- [Exercise objective]
Below are several records. Retype exactly those lines running from the one with "move=> del_lb del_ge0 Mx My." through the one with "by rewrite opprD addrACA.", end lines included, and no others.

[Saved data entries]
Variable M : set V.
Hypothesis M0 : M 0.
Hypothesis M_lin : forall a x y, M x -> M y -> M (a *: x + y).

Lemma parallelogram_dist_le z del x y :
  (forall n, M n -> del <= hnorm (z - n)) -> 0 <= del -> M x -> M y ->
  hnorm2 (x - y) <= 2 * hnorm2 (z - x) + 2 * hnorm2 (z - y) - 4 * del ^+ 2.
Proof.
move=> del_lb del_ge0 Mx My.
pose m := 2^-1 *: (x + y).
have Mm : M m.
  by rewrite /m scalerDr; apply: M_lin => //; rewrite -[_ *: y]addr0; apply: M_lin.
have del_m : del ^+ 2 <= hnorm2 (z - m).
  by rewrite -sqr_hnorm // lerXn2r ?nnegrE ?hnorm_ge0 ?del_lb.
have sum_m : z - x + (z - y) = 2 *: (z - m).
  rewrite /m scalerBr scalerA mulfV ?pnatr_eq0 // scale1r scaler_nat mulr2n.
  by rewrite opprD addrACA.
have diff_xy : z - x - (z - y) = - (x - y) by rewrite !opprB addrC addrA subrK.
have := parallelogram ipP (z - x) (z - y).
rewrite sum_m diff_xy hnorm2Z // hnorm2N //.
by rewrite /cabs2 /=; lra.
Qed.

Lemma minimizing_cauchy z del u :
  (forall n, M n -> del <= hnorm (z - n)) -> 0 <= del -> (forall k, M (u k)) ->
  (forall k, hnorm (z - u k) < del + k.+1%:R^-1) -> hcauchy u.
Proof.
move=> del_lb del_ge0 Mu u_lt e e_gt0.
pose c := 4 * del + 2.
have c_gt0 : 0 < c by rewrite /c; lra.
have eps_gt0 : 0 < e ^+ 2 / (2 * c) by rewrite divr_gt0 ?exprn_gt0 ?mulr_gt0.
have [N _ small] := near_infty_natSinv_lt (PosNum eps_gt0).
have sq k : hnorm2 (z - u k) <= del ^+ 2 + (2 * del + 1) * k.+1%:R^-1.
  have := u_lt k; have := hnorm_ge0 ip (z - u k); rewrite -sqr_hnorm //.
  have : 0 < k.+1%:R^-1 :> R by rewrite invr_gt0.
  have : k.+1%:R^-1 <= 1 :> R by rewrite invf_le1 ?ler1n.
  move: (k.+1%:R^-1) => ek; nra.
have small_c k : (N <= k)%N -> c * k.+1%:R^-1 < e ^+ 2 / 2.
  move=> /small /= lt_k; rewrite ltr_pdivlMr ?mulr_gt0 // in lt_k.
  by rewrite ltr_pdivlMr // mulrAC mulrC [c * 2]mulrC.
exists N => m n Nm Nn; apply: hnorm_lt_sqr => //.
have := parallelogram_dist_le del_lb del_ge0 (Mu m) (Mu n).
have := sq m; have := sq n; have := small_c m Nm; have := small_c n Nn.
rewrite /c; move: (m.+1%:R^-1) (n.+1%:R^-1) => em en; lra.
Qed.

- [Result of this exercise]
move=> del_lb del_ge0 Mx My.
pose m := 2^-1 *: (x + y).
have Mm : M m.
  by rewrite /m scalerDr; apply: M_lin => //; rewrite -[_ *: y]addr0; apply: M_lin.
have del_m : del ^+ 2 <= hnorm2 (z - m).
  by rewrite -sqr_hnorm // lerXn2r ?nnegrE ?hnorm_ge0 ?del_lb.
have sum_m : z - x + (z - y) = 2 *: (z - m).
  rewrite /m scalerBr scalerA mulfV ?pnatr_eq0 // scale1r scaler_nat mulr2n.
  by rewrite opprD addrACA.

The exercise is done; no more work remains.